On Thursday 15 March 2007 02:14 am, Stefan Teleman wrote:
> What it means: with KDE4, Solaris/SunStudio are supported at KDE.

Does that mean that all code going into KDE4 will compile on Solaris using the 
SunStudio? If so, that is significant for our community. Or does this mean 
that 

For Solaris it's key to have c++ code compiled with SunStudio, period.

> The KDE Foundation (KDE e.V.) gave the Green Light for Solaris to
> become one of the supported OS's (supported as opposed to ported).
> However, KDE4 on Solaris will become reality only to the extent
> OpenSolaris folks (us) are willing to invest the time to work on it.
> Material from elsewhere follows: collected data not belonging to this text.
(* Let $p,q\in\mathbb N$ and $A\in\mathrm{Rec}_{p\times q}(\mathbb Q)$. Then there exists a non-zero natural integer $N$ such that $N^{n+1}A[U,W]\in\mathbb Z$ for all $n\in\mathbb N$ and all $(U,W)\in\mathcal M_{p\times q}^n$.
   Context: $\mathcal M_{p\times q}^n$ is the set of pairs $(U,W)$ of words of common length $n$ with $U\in\{0,\dots,p-1\}^n$, $W\in\{0,\dots,q-1\}^n$, $\mathcal M_{p\times q}=\bigcup_n\mathcal M_{p\times q}^n$. For $A:\mathcal M_{p\times q}\to\mathbb Q$ (values $A[U,W]$), $(\rho(S,T)A)[U,W]=A[US,WT]$. $\mathrm{Rec}_{p\times q}(\mathbb Q)$ is the set of $A$ whose linear span of $\{\rho(S,T)A\}$ is finite-dimensional. *)

From mathcomp Require Import all_boot all_order all_algebra.
Set Implicit Arguments. Unset Strict Implicit. Unset Printing Implicit Defensive.
Import Order.TTheory GRing.Theory Num.Theory.
Local Open Scope ring_scope.

(* A function A : M_{p x q} -> Q is represented as a function on pairs of
   words (seq 'I_p, seq 'I_q); only its values on pairs of equal length
   (the elements of M_{p x q}) are meaningful. *)
Definition series (p q : nat) := seq 'I_p -> seq 'I_q -> rat.

Definition rho (p q : nat) (S : seq 'I_p) (T : seq 'I_q) (A : series p q)
  : series p q := fun U W => A (U ++ S) (W ++ T).

Definition Rec (p q : nat) (A : series p q) : Prop :=
  exists (k : nat) (B : 'I_k -> series p q),
    forall (S : seq 'I_p) (T : seq 'I_q), size S = size T ->
      exists c : 'I_k -> rat,
        forall (U : seq 'I_p) (W : seq 'I_q), size U = size W ->
          rho S T A U W = \sum_(i < k) c i * B i U W.

From mathcomp Require Import all_boot all_order all_algebra.
From mathcomp Require Import zify.
From Stdlib Require Import Classical.

Set Implicit Arguments.
Unset Strict Implicit.
Unset Printing Implicit Defensive.
Import Order.TTheory GRing.Theory Num.Theory.
Local Open Scope ring_scope.

(* The shifts rho(S,T) A span a finite-dimensional space, so finitely many of
   them, A_0 = A, A_1, ..., A_m, already span all shifts; in particular
   A_j[Ux, Wy] = sum_i c_(x,y,j,i) A_i[U, W] for rational c.  If D clears the
   denominators of all c_(x,y,j,i) and all A_j[eps, eps], induction on the
   length n of (U, W) shows that D^(n+1) A_j[U, W] is an integer. *)

Lemma exists_spanning_seq (K : fieldType) (vT : vectType K) (I : eqType)
    (P : I -> Prop) (f : I -> vT) :
  exists s : seq I, {in s, forall i, P i} /\
    forall i, P i -> f i \in <<map f s>>%VS.
Proof.
suff grow m s : {in s, forall i, P i} ->
    (\dim {:vT} - \dim <<map f s>> <= m)%N ->
  exists s : seq I, {in s, forall i, P i} /\
    forall i, P i -> f i \in <<map f s>>%VS.
  by apply: (grow _ [::]) => [i|]; rewrite ?in_nil ?leq_subr.
elim: m s => [|m IH] s sP codim_s.
  exists s; split=> // i _; suff ->: <<map f s>>%VS = fullv by apply: memvf.
  apply/eqP; rewrite -(dimv_leqif_eq (subvf _)) eqn_leq dimvS ?subvf //=.
  by rewrite -subn_eq0 -leqn0.
case: (classic (forall i, P i -> f i \in <<map f s>>%VS)) => [|not_spanning].
  by exists s.
have [i not_i] := not_all_ex_not _ _ not_spanning.
have [Pi fi_out] := imply_to_and _ _ not_i.
apply: (IH (i :: s)); first by move=> j /predU1P[->|/sP].
have dim_grows : (\dim <<map f s>> < \dim <<map f (i :: s)>>)%N.
  rewrite /= span_cons (ltn_leqif (dimv_leqif_sup (addvSr _ _))) subv_add.
  by rewrite subvv andbT -memvE; apply/negP.
have := dimvS (subvf <<map f (i :: s)>>); lia.
Qed.

Lemma exists_common_multiple (T : finType) (Q : nat -> T -> Prop) :
    (forall D E t, Q D t -> Q (D * E)%N t) ->
    (forall t, exists2 D, (0 < D)%N & Q D t) ->
  exists2 D, (0 < D)%N & forall t, Q D t.
Proof.
move=> Q_mul Q_ex.
suff [D D_gt0 QD] : exists2 D, (0 < D)%N & {in enum T, forall t, Q D t}.
  by exists D => // t; apply: QD; rewrite mem_enum.
elim: (enum T) => [|t s [D D_gt0 QD]]; first by exists 1%N.
have [E E_gt0 QE] := Q_ex t.
exists (D * E)%N => [|u /predU1P[->|/QD/Q_mul//]].
  by rewrite muln_gt0 D_gt0.
by rewrite mulnC; apply: Q_mul.
Qed.

Lemma denq_mul_int (r : rat) : exists2 D, (0 < D)%N & D%:R * r \is a Num.int.
Proof.
exists `|denq r|%N; first by rewrite absz_gt0 denq_neq0.
by rewrite natr_absz gtr0_norm ?denq_gt0 // mulrC -numqE intr_int.
Qed.

Lemma natr_mul_int (D E : nat) (r : rat) :
  D%:R * r \is a Num.int -> (D * E)%:R * r \is a Num.int.
Proof. by move=> Dr_int; rewrite natrM mulrAC rpredM ?rpred_nat. Qed.

Section Shifts.

Variables p q : nat.
Implicit Types (A : series p q) (S U : seq 'I_p) (T W : seq 'I_q).

Lemma rho_nil A U W : rho [::] [::] A U W = A U W.
Proof. by rewrite /rho !cats0. Qed.

Lemma rho_rcons A S T U W x y :
  rho S T A (rcons U x) (rcons W y) = rho (x :: S) (y :: T) A U W.
Proof. by rewrite /rho -!cats1 -!catA. Qed.

Definition in_span m (F : 'I_m -> series p q) (G : series p q) : Prop :=
  exists c : 'I_m -> rat,
    forall U W, size U = size W -> G U W = \sum_i c i * F i U W.

Definition combination k (B : 'I_k -> series p q) (c : 'rV[rat]_k) :
  series p q := fun U W => \sum_i c 0 i * B i U W.

Lemma combination_sum k (B : 'I_k -> series p q) d (l : 'I_d -> rat) X U W :
  combination B (\sum_j l j *: X j) U W =
    \sum_j l j * combination B (X j) U W.
Proof.
rewrite /combination; under eq_bigr => i _ do rewrite summxE big_distrl /=.
rewrite exchange_big; apply: eq_bigr => j _; rewrite big_distrr.
by apply: eq_bigr => i _; rewrite mxE -mulrA.
Qed.

Lemma Rec_spanning_shifts A : Rec A ->
  exists m (S : 'I_m.+1 -> seq 'I_p) (T : 'I_m.+1 -> seq 'I_q),
  [/\ S ord0 = [::], T ord0 = [::], forall j, size (S j) = size (T j)
    & forall S' T', size S' = size T' ->
        in_span (fun j => rho (S j) (T j) A) (rho S' T' A)].
Proof.
move=> [k [B B_span]].
(* Indexing by triples (S, T, c) makes the spanning argument return the
   pairs (S, T) with their coordinate vectors: no choice function is needed. *)
pose represents (t : seq 'I_p * seq 'I_q * 'rV[rat]_k) :=
  size t.1.1 = size t.1.2 /\
  forall U W, size U = size W -> rho t.1.1 t.1.2 A U W = combination B t.2 U W.
have represented S T : size S = size T -> exists c, represents (S, T, c).
  move=> ST; have [c c_span] := B_span S T ST.
  exists (\row_i c i); split=> // U W UW.
  by rewrite c_span //; apply: eq_bigr => i _; rewrite mxE.
have [s [s_rep s_span]] := exists_spanning_seq represents (fun t => t.2).
have [c0 rep0] := represented [::] [::] erefl.
pose t0 := ([::] : seq 'I_p, [::] : seq 'I_q, c0).
pose L := t0 :: s.
have L_rep j : (j < size L)%N -> represents (nth t0 L j).
  by move=> /(mem_nth t0) /predU1P[->|/s_rep].
pose X := map (fun t => t.2) L.
have jL (j : 'I_(size X)) : (j < size L)%N.
  by rewrite -(size_map (fun t => t.2)).
exists (size (map (fun t => t.2) s)).
exists (fun j => (nth t0 L j).1.1), (fun j => (nth t0 L j).1.2).
split=> // [j | S T ST]; first exact: (L_rep _ (jL j)).1.
have [c [_ c_rep]] := represented S T ST.
have c_in : c \in <<in_tuple X>>%VS.
  rewrite span_cons; apply: subvP (addvSr _ _) _ _.
  exact: (s_span (S, T, c)).
exists (fun j => coord (in_tuple X) j c) => U W UW.
rewrite c_rep // {1}(coord_span c_in) combination_sum; apply: eq_bigr => j _.
by rewrite (nth_map t0) ?jL // -(L_rep _ (jL j)).2.
Qed.

Lemma in_span_denominator m (F : 'I_m -> series p q) G : in_span F G ->
  exists2 D, (0 < D)%N & exists2 c : 'I_m -> rat,
    (forall i, D%:R * c i \is a Num.int) &
    forall U W, size U = size W -> G U W = \sum_i c i * F i U W.
Proof.
move=> [c c_span].
have [D D_gt0 D_c] := exists_common_multiple
  (fun D E i => @natr_mul_int D E (c i)) (fun i => denq_mul_int (c i)).
by exists D => //; exists c.
Qed.

Lemma family_scaled_int m (F : 'I_m -> series p q) (D : nat) :
    (forall x y j, exists2 c : 'I_m -> rat,
       (forall i, D%:R * c i \is a Num.int) &
       forall U W, size U = size W ->
         F j (rcons U x) (rcons W y) = \sum_i c i * F i U W) ->
    (forall j, D%:R * F j [::] [::] \is a Num.int) ->
  forall n U W, size U = n -> size W = n ->
    forall j, D%:R ^+ n.+1 * F j U W \is a Num.int.
Proof.
move=> F_step F_nil; elim=> [|n IH] U W.
  by move=> /size0nil -> /size0nil -> j; rewrite expr1.
case/lastP: U => [//|U x]; case/lastP: W => [//|W y].
rewrite !size_rcons => -[sU] [sW] j.
have [c c_int ->] := F_step x y j; last by rewrite sU sW.
rewrite mulr_sumr; apply: rpred_sum => i _.
by rewrite exprS mulrACA rpredM ?c_int ?IH.
Qed.

End Shifts.

Theorem mainTheorem9 (p q : nat) (A : series p q) :
  Rec A ->
  exists N : nat, (0 < N)%N /\
    forall (n : nat) (U : seq 'I_p) (W : seq 'I_q),
      size U = n -> size W = n ->
      (N%:R ^+ n.+1 * A U W : rat) \is a Num.int.
Proof.
move=> /Rec_spanning_shifts[m [S [T [S0 T0 ST S_span]]]].
pose F j := rho (S j) (T j) A.
pose steps D (t : 'I_p * 'I_q * 'I_m.+1) := exists2 c : 'I_m.+1 -> rat,
  (forall i, D%:R * c i \is a Num.int) &
  forall U W, size U = size W ->
    F t.2 (rcons U t.1.1) (rcons W t.1.2) = \sum_i c i * F i U W.
have [D1 D1_gt0 D1_steps] : exists2 D, (0 < D)%N & forall t, steps D t.
  apply: exists_common_multiple => [D E t [c c_int c_step] | [[x y] j]].
    by exists c => // i; apply: natr_mul_int.
  have := S_span (x :: S j) (y :: T j) (congr1 succn (ST j)).
  move=> /in_span_denominator[D D_gt0 [c c_int c_step]].
  by exists D => //; exists c => // U W UW; rewrite /F rho_rcons c_step.
have [D2 D2_gt0 D2_nil] := exists_common_multiple
  (fun D E j => @natr_mul_int D E (F j [::] [::])) (fun j => denq_mul_int _).
exists (D1 * D2)%N; split=> [|n U W sU sW]; first by rewrite muln_gt0 D1_gt0.
rewrite -rho_nil -S0 -T0.
apply: (family_scaled_int (F := F) _ _ sU sW) => [x y j | j].
  have [c c_int c_step] := D1_steps (x, y, j).
  by exists c => // i; apply: natr_mul_int.
by rewrite mulnC; apply: natr_mul_int.
Qed.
This is what I'm trying to understand, and what we get for the supported OS 
status. If I understand you correctly, they basically gave a green light for 
our community to keep their code compiling on Solaris.

What I want to know is if there is any assurance that we'll get decent code, 
or will be get stuff with Linuxisms plagued throughout it, and it's always 
our job to fix it.

Where do you see the most time being spent in getting the code to compile with 
SunStudio?

> There's 3.4.3 from http://solaris.kde.org/. Blastwave has more recent
> KDE's as well.

Isn't the blastwave version a gcc build?

I used to use mplayer from blastwave, but recently there was some folks in 
Germany for Sun that did a great job at packaging all the mplayer stuff with 
the GUI...works great!

I'll grab your latest stuff, that runs on nevada?
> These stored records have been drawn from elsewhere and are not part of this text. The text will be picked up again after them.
Definition kform (rho : 'M[C]_#|Idx d|) (k : kernel) : C :=
  \sum_(a : Idx d) \sum_(b : Idx d) \sum_(a' : Idx d) \sum_(b' : Idx d)
    entry rho a b * (entry rho a' b')^* * \prod_l k l (a l) (b l) (a' l) (b' l).

Lemma eq_kform rho (k1 k2 : kernel) :
  (forall l a b a' b', k1 l a b a' b' = k2 l a b a' b') -> kform rho k1 = kform rho k2.
Proof.
move=> k12; rewrite /kform; apply: eq_bigr => a _; apply: eq_bigr => b _.
apply: eq_bigr => a' _; apply: eq_bigr => b' _; congr (_ * _).
by apply: eq_bigr => l _; rewrite k12.
Qed.

Lemma kformZ rho (s : 'I_N -> C) (k : kernel) :
  kform rho (fun l a b a' b' => s l * k l a b a' b') = (\prod_l s l) * kform rho k.
Proof.
rewrite /kform mulr_sumr; apply: eq_bigr => a _; rewrite mulr_sumr; apply: eq_bigr => b _.
rewrite mulr_sumr; apply: eq_bigr => a' _; rewrite mulr_sumr; apply: eq_bigr => b' _.
by rewrite big_split /= mulrCA.
Qed.

Lemma sum_sqr_mxtrace_ktens rho (T_ : 'I_N -> finType)
    (g : forall l, T_ l -> 'M[C]_(d l)) (w : forall l, T_ l -> C) :
  \sum_(i : {dffun forall l, T_ l}) (\prod_l w l (i l)) *
     (\tr (rho *m ktens (fun l => g l (i l))) * (\tr (rho *m ktens (fun l => g l (i l))))^*)
  = kform rho (fun l a b a' b' => \sum_j w l j * g l j b a * (g l j b' a')^*).
Proof.
have mul_conj_sum2 (X Y : Idx d -> Idx d -> C) :
    (\sum_a \sum_b X a b) * (\sum_a \sum_b Y a b)^* =
    \sum_a \sum_b \sum_a' \sum_b' X a b * (Y a' b')^*.
  rewrite rmorph_sum big_distrl; apply: eq_bigr => a _.
  rewrite big_distrl; apply: eq_bigr => b _.
  rewrite big_distrr; apply: eq_bigr => a' _.
  by rewrite rmorph_sum big_distrr.
under eq_bigr do rewrite !mxtrace_mul_ktens mul_conj_sum2.
do 4!(under eq_bigr do rewrite mulr_sumr; rewrite exchange_big; apply: eq_bigr => ? _).
rewrite -big_dffun_prod mulr_sumr; apply: eq_bigr => i _.
rewrite rmorphM rmorph_prod /= !big_split /=; ring.
Qed.

Definition kdelta n (a b a' b' : 'I_n) : C := ((a == a') && (b == b'))%:R.
Definition ktrace n (a b a' b' : 'I_n) : C := ((a == b) && (a' == b'))%:R.

Lemma prod_nat_bool (I : finType) (P : pred I) :
  \prod_i (P i)%:R = ([forall i, P i]%:R : C).
Proof.
have [/forallP P_all | /forallPn [i Pi_false]] := boolP [forall i, P i].
  by apply: big1 => i _; rewrite P_all.
by rewrite (bigD1 i) //= (negbTE Pi_false) mul0r.
Qed.

Lemma dffun_eqE (a a' : Idx d) : [forall l, a l == a' l] = (a == a').
Proof. by apply/forallP/eqP => [eq_aa' | -> l //]; apply/ffunP => l; exact/eqP. Qed.

Lemma ktens1 : ktens (fun l => 1%:M) = 1%:M :> 'M[C]_#|Idx d|.
Proof.
apply/matrixP => x y; rewrite !mxE.
under eq_bigr do rewrite mxE.
by rewrite prod_nat_bool dffun_eqE (inj_eq enum_val_inj).
Qed.

Lemma kform_kdelta rho :
  kform rho (fun l => @kdelta (d l)) =
  \sum_(a : Idx d) \sum_(b : Idx d) entry rho a b * (entry rho a b)^*.
Proof.
have sum_delta (x0 : Idx d) (F : Idx d -> C) : \sum_x F x * (x0 == x)%:R = F x0.
  rewrite (bigD1 x0) //= eqxx mulr1 big1 ?addr0 // => x.
  by rewrite eq_sym => /negbTE ->; rewrite mulr0.
apply: eq_bigr => a _; apply: eq_bigr => b _.
transitivity (\sum_a' (\sum_b' entry rho a b * (entry rho a' b')^* * (b == b')%:R)
                        * (a == a')%:R); last by rewrite !sum_delta.
apply: eq_bigr => a' _; rewrite mulr_suml; apply: eq_bigr => b' _.
under eq_bigr do rewrite /kdelta -mulnb natrM.
by rewrite big_split /= !prod_nat_bool !dffun_eqE; ring.
Qed.

Lemma kform_pure_kdelta (psi : 'I_#|Idx d| -> C) :
  \sum_x psi x * (psi x)^* = 1 -> kform (pure_mx psi) (fun l => @kdelta (d l)) = 1.
Proof.
rewrite sum_enum_rank => psi_unit; rewrite kform_kdelta.
rewrite -[1]mulr1 -{1}psi_unit -[in X in _ * X]psi_unit big_distrl /=.
apply: eq_bigr => a _; rewrite big_distrr /=; apply: eq_bigr => b _.
by rewrite /entry !mxE rmorphM /= conjCK; ring.
Qed.

Lemma kform_pure_swap (psi : 'I_#|Idx d| -> C) (k : kernel) :
  kform (pure_mx psi) k = kform (pure_mx psi) (fun l a b a' b' => k l a a' b b').
Proof.
rewrite /kform; apply: eq_bigr => a _.
rewrite exchange_big /=; apply: eq_bigr => b _; apply: eq_bigr => a' _.
apply: eq_bigr => b' _; rewrite /entry !mxE !rmorphM /= conjCK.
by congr (_ * _); ring.
Qed.

(* [kform rho (ktr_at l)] is the squared Frobenius norm of the reduced state
   obtained by tracing out factor [l], and [kform rho (ktr_but l)] that of the
   reduced state on factor [l]. *)
Definition ktr_at l : kernel := fun j => if j == l then @ktrace (d j) else @kdelta (d j).
Definition ktr_but l : kernel := fun j => if j == l then @kdelta (d j) else @ktrace (d j).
> And i bet it doesn't have anti-aliased fonts. :-)

It has such a crappy video in it, I don't know that would matter much!;-) It 
barely does 1600x1200 and only a single head.

> "Technical preview". Not there yet. It's buildable on Linux.
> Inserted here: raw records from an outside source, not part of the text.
(* Let $n\ge1$ and let $\mathbf{R}$ be a subalgebra of $\mathbf{P\L}_n\times\mathbf{P\L}_n$. Suppose $\mathbf{R}$ is not of the form $\mathbf{S}_1\times\mathbf{S}_2$ with $\mathbf{S}_1,\mathbf{S}_2$ subalgebras of $\mathbf{P\L}_n$. Then one of the following holds: - $\mathbf{R}\subseteq{\le}=\{(x,y):x\le y\}$; - $\mathbf{R}\subseteq{\ge}=\{(x,y):x\ge y\}$.
   Context: For $n\ge 1$, the algebra $\mathbf{P\L}_n=\langle\{0,\tfrac1n,\dots,\tfrac{n-1}{n},1\},\wedge,\vee,\odot,\oplus,0,1\rangle$ has $\wedge=\min$, $\vee=\max$, $x\odot y=\max\{0,x+y-1\}$ and $x\oplus y=\min\{1,x+y\}$. The order $\le$ is the usual numerical order. Binary relations on $\mathbf{P\L}_n$ are identified with subsets of $\mathbf{P\L}_n\times\mathbf{P\L}_n$, and operations on $\mathbf{P\L}_n\times\mathbf{P\L}_n$ are computed componentwise. *)

From mathcomp Require Import all_boot.
Set Implicit Arguments. Unset Strict Implicit. Unset Printing Implicit Defensive.

(* The MV-chain PL_n = {0, 1/n, ..., 1} is encoded as 'I_n.+1:
   the ordinal k stands for the rational k/n.  Operations are the
   Lukasiewicz ones scaled by n. *)
Definition PL (n : nat) : finType := 'I_n.+1.

Section PLops.
Variable n : nat.
Definition pl_zero : PL n := ord0.
Definition pl_one : PL n := ord_max.
Definition pl_meet (x y : PL n) : PL n := inord (minn x y).
Definition pl_join (x y : PL n) : PL n := inord (maxn x y).
(* x (.) y = max{0, x + y - 1}  ~~>  (x + y) - n  (truncated) *)
Definition pl_odot (x y : PL n) : PL n := inord ((x + y) - n).
(* x (+) y = min{1, x + y}  ~~>  min(n, x + y) *)
Definition pl_oplus (x y : PL n) : PL n := inord (minn n (x + y)).

Definition pl_subalg (S : {set PL n}) : Prop :=
  [/\ pl_zero \in S, pl_one \in S &
   forall x y, x \in S -> y \in S ->
     [/\ pl_meet x y \in S, pl_join x y \in S,
         pl_odot x y \in S & pl_oplus x y \in S]].

Definition pl2_subalg (R : {set PL n * PL n}) : Prop :=
  [/\ (pl_zero, pl_zero) \in R, (pl_one, pl_one) \in R &
   forall p q, p \in R -> q \in R ->
     [/\ (pl_meet p.1 q.1, pl_meet p.2 q.2) \in R,
         (pl_join p.1 q.1, pl_join p.2 q.2) \in R,
         (pl_odot p.1 q.1, pl_odot p.2 q.2) \in R &
         (pl_oplus p.1 q.1, pl_oplus p.2 q.2) \in R]].
End PLops.

From mathcomp Require Import all_boot.
From mathcomp Require Import zify.

Set Implicit Arguments.
Unset Strict Implicit.
Unset Printing Implicit Defensive.

(* Let R be a subalgebra of PL_n x PL_n, the chain PL_n being
   encoded by the ordinals k < n+1.  If R contains a strictly increasing
   pair (x, y), x < y, then it contains (0, 1): repeatedly replace (x, y) by
   (x (+) x, y (+) y) when x + y < 1, and by (x (.) x, y (.) y) otherwise.
   Each move keeps the pair strictly increasing and strictly decreases the
   measure 2 (1 - (y - x)) + [x > 0], so the process ends at (0, 1).
   Applied to the converse relation, a strictly decreasing pair yields
   (1, 0) in R.  With both (0, 1) and (1, 0) in R, every (a, b) with a a
   first and b a second coordinate of R is recovered as
   (a, _) /\ (1, 0)  \/  (_, b) /\ (0, 1), so R is the product of its two
   projections, which are subalgebras of PL_n.  Hence, if R is not a product,
   it cannot contain pairs strictly ordered both ways: R is included in <=
   or in >=. *)

Section Values.
Variable n : nat.
Implicit Types x y : PL n.

Lemma pl_meetE x y : nat_of_ord (pl_meet x y) = minn x y.
Proof. by rewrite /pl_meet inordK // (leq_ltn_trans (geq_minl _ _)). Qed.

Lemma pl_joinE x y : nat_of_ord (pl_join x y) = maxn x y.
Proof. by rewrite /pl_join inordK // gtn_max !ltn_ord. Qed.

Lemma pl_odotE x y : nat_of_ord (pl_odot x y) = x + y - n.
Proof. rewrite /pl_odot inordK //; have := ltn_ord x; have := ltn_ord y; lia. Qed.

Lemma pl_oplusE x y : nat_of_ord (pl_oplus x y) = minn n (x + y).
Proof. by rewrite /pl_oplus inordK // ltnS geq_minl. Qed.

Lemma pl_meet1 x : pl_meet x (pl_one n) = x.
Proof. by apply: val_inj; rewrite /= pl_meetE /=; apply/minn_idPl; rewrite -ltnS. Qed.

Lemma pl_meet0 x : pl_meet x (pl_zero n) = pl_zero n.
Proof. by apply: val_inj; rewrite /= pl_meetE minn0. Qed.

Lemma pl_join0 x : pl_join x (pl_zero n) = x.
Proof. by apply: val_inj; rewrite /= pl_joinE maxn0. Qed.

Lemma pl_0join x : pl_join (pl_zero n) x = x.
Proof. by apply: val_inj; rewrite /= pl_joinE max0n. Qed.

Definition doubling_measure x y : nat := 2 * (n - (y - x)) + (0 < x).

Lemma oplus2_step x y : x < y -> x + y < n ->
  pl_oplus x x < pl_oplus y y /\
  doubling_measure (pl_oplus x x) (pl_oplus y y) < doubling_measure x y.
Proof. by rewrite /doubling_measure !pl_oplusE; lia. Qed.

Lemma odot2_step x y : x < y -> n <= x + y -> 0 < x ->
  pl_odot x x < pl_odot y y /\
  doubling_measure (pl_odot x x) (pl_odot y y) < doubling_measure x y.
Proof.
rewrite /doubling_measure !pl_odotE; have := ltn_ord y; lia.
Qed.
End Values.

Section Doubling.
Variables (n : nat) (R : {set PL n * PL n}).
Hypothesis R_oplus2 :
  forall p, p \in R -> (pl_oplus p.1 p.1, pl_oplus p.2 p.2) \in R.
Hypothesis R_odot2 :
  forall p, p \in R -> (pl_odot p.1 p.1, pl_odot p.2 p.2) \in R.

Lemma increasing_pair_reaches_01 p :
  p \in R -> p.1 < p.2 -> (pl_zero n, pl_one n) \in R.
Proof.
case: p => x y /=; have [k] := ubnP (doubling_measure x y).
elim: k x y => // k IH x y lt_mk xyR lt_xy.
have [sum_lt|sum_ge] := ltnP (x + y) n.
  have [lt' lt_m] := oplus2_step lt_xy sum_lt.
  by apply: (IH _ _ _ (R_oplus2 xyR) lt') => /=; lia.
have [x0|x_pos] := posnP x; last first.
  have [lt' lt_m] := odot2_step lt_xy sum_ge x_pos.
  by apply: (IH _ _ _ (R_odot2 xyR) lt') => /=; lia.
have -> : (pl_zero n, pl_one n) = (x, y).
  by congr pair; apply: val_inj => /=; have := ltn_ord y; lia.
exact: xyR.
Qed.
End Doubling.

Section Subalgebras.
Variables (n : nat) (R : {set PL n * PL n}).
Hypothesis subR : pl2_subalg R.

Lemma pl2_subalg_01 p : p \in R -> p.1 < p.2 -> (pl_zero n, pl_one n) \in R.
Proof.
have [_ _ clR] := subR.
by apply: increasing_pair_reaches_01 => q qR; have [] := clR q q qR qR.
Qed.

Lemma mem_fst_image x y : (x, y) \in R -> x \in [set p.1 | p in R].
Proof. by move=> xyR; apply/imsetP; exists (x, y). Qed.

Lemma pl2_subalg_fst : pl_subalg [set p.1 | p in R].
Proof.
have [R0 R1 clR] := subR.
split; [exact: mem_fst_image R0 | exact: mem_fst_image R1 |].
move=> _ _ /imsetP[p pR ->] /imsetP[q qR ->].
by have [? ? ? ?] := clR p q pR qR; split; apply: mem_fst_image; eassumption.
Qed.

(* If R contains (0, 1) and (1, 0), it is the product of its projections:
   (a, b) = ((a, _) /\ (1, 0)) \/ ((_, b) /\ (0, 1)). *)
Lemma pl2_subalg_product :
  (pl_zero n, pl_one n) \in R -> (pl_one n, pl_zero n) \in R ->
  R = setX [set p.1 | p in R] [set p.2 | p in R].
Proof.
move=> R01 R10; have [_ _ clR] := subR.
apply/setP => -[a b]; rewrite inE /=; apply/idP/andP.
  by move=> abR; split; apply/imsetP; exists (a, b).
case=> /imsetP[p pR ->] /imsetP[q qR ->].
have [p10R _ _ _] := clR p _ pR R10.
have [q01R _ _ _] := clR q _ qR R01.
have [_ joinR _ _] := clR _ _ p10R q01R.
by move: joinR; rewrite /= !pl_meet1 !pl_meet0 pl_join0 pl_0join.
Qed.
End Subalgebras.

Definition pl2_conv n (R : {set PL n * PL n}) : {set PL n * PL n} :=
  [set p | (p.2, p.1) \in R].

Lemma in_pl2_conv n (R : {set PL n * PL n}) x y :
  ((x, y) \in pl2_conv R) = ((y, x) \in R).
Proof. by rewrite inE. Qed.

Lemma pl2_subalg_conv n (R : {set PL n * PL n}) :
  pl2_subalg R -> pl2_subalg (pl2_conv R).
Proof.
move=> [R0 R1 clR]; split; rewrite ?in_pl2_conv //.
move=> [x1 y1] [x2 y2]; rewrite !in_pl2_conv => p1R p2R.
by have [? ? ? ?] := clR _ _ p1R p2R.
Qed.

Lemma snd_image_conv n (R : {set PL n * PL n}) :
  [set p.2 | p in R] = [set p.1 | p in pl2_conv R].
Proof.
apply/setP => y; apply/imsetP/imsetP => -[[a b] abR ->].
  by exists (b, a); rewrite ?in_pl2_conv.
by exists (b, a); move: abR; rewrite in_pl2_conv.
Qed.

Theorem lemma3p8 (n : nat) (hn : 1 <= n) (R : {set PL n * PL n}) :
  pl2_subalg R ->
  ~ (exists S1 S2 : {set PL n},
       [/\ pl_subalg S1, pl_subalg S2 & R = setX S1 S2]) ->
  (forall p, p \in R -> (p.1 <= p.2)%N) \/
  (forall p, p \in R -> (p.2 <= p.1)%N).
Proof.
move=> subR not_product.
case: (boolP [exists p in R, p.2 < p.1]) => [/exists_inP[q qR q_dec]|/exists_inP no_dec].
  2: by left=> p pR; rewrite leqNgt; apply/negP => ?; apply: no_dec; exists p.
case: (boolP [exists p in R, p.1 < p.2]) => [/exists_inP[r rR r_inc]|/exists_inP no_inc].
  2: by right=> p pR; rewrite leqNgt; apply/negP => ?; apply: no_inc; exists p.
have subR' := pl2_subalg_conv subR.
have R01 := pl2_subalg_01 subR rR r_inc.
have R10 : (pl_one n, pl_zero n) \in R.
  rewrite -in_pl2_conv; apply: (pl2_subalg_01 subR' (p := (q.2, q.1))) => //.
  by rewrite in_pl2_conv -surjective_pairing.
exfalso; apply: not_product.
exists [set p.1 | p in R], [set p.2 | p in R]; split.
- exact: pl2_subalg_fst.
- by rewrite snd_image_conv; apply: pl2_subalg_fst.
- exact: pl2_subalg_product.
Qed.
Then we should aim to get that building on Solaris Express DX.

> IMHO: KDE4 is a longer term project. To get there, we still have to
> build tons of extra libraries on which KDE depends, before we can
> start building KDE. These libraries aren't even in Nevada. I think it
> would be more practical to work in parallel on 3.5.5 and KDE4. It
> might very well be that it will take until KDE 4.0.2 before the
> Solaris version of KDE4 is up to Sun standards. Maybe we should have
> a 3.5.5 build ready before that (3.5.5 is really nice). A lot of the
> work required is common between the two. There is one major feature i
> would like to add in KDE 3 and 4: CORBA bindings to replace DCOP. We
> can use omniORB (http://omniorb.sourceforge.net/). It runs perfectly
> on Solaris 32- and 64- bit. There are technical reason behind this
> pet peeve of mine, and i have the benchmark study done by someone
> else to back me up. :-)

My hesitation in this would be that we deviate from the mainline, and end up 
in a situation where we need to apply patches to the mainline, on a regular 
basis as the sources are updated. I'm all for it if it doesn't cause us to be 
a one-off.

> KDE4 uses CMake (http://www.cmake.org/) for its build system. The auto
> tools are no longer used. This is good and bad. Good because we don't
> have to deal with libtool in KDE4, and CMake is much nicer. Bad
> because we still have to deal with libtool for all the other
> dependencies.

Yeah, libtool is pretty evil, but at least it knows more about Solaris 
recentely.

> A while ago i put together a list of KDE dependencies -- i will dig it
> up and post it here. This list is very long.

Yes, would like to see it.

> QT 3.3.7 and 4.2.2 are here:
>
> http://svn2.cvsdude.com/kdesolaris/trunk/QT/3.3.7
> http://svn2.cvsdude.com/kdesolaris/trunk/QT/4.2.2
>
> svn co --username=anonymous http://svn2.cvsdude.com/kdesolaris/trunk

I need to get svn installed on this machine...but I need to get some 
sleep...;-) later...

-- 

Alan DuBoff - Solaris x86 Engineering - IHV/OEM Group
Advocate of insourcing at Sun - hire people that care about our company!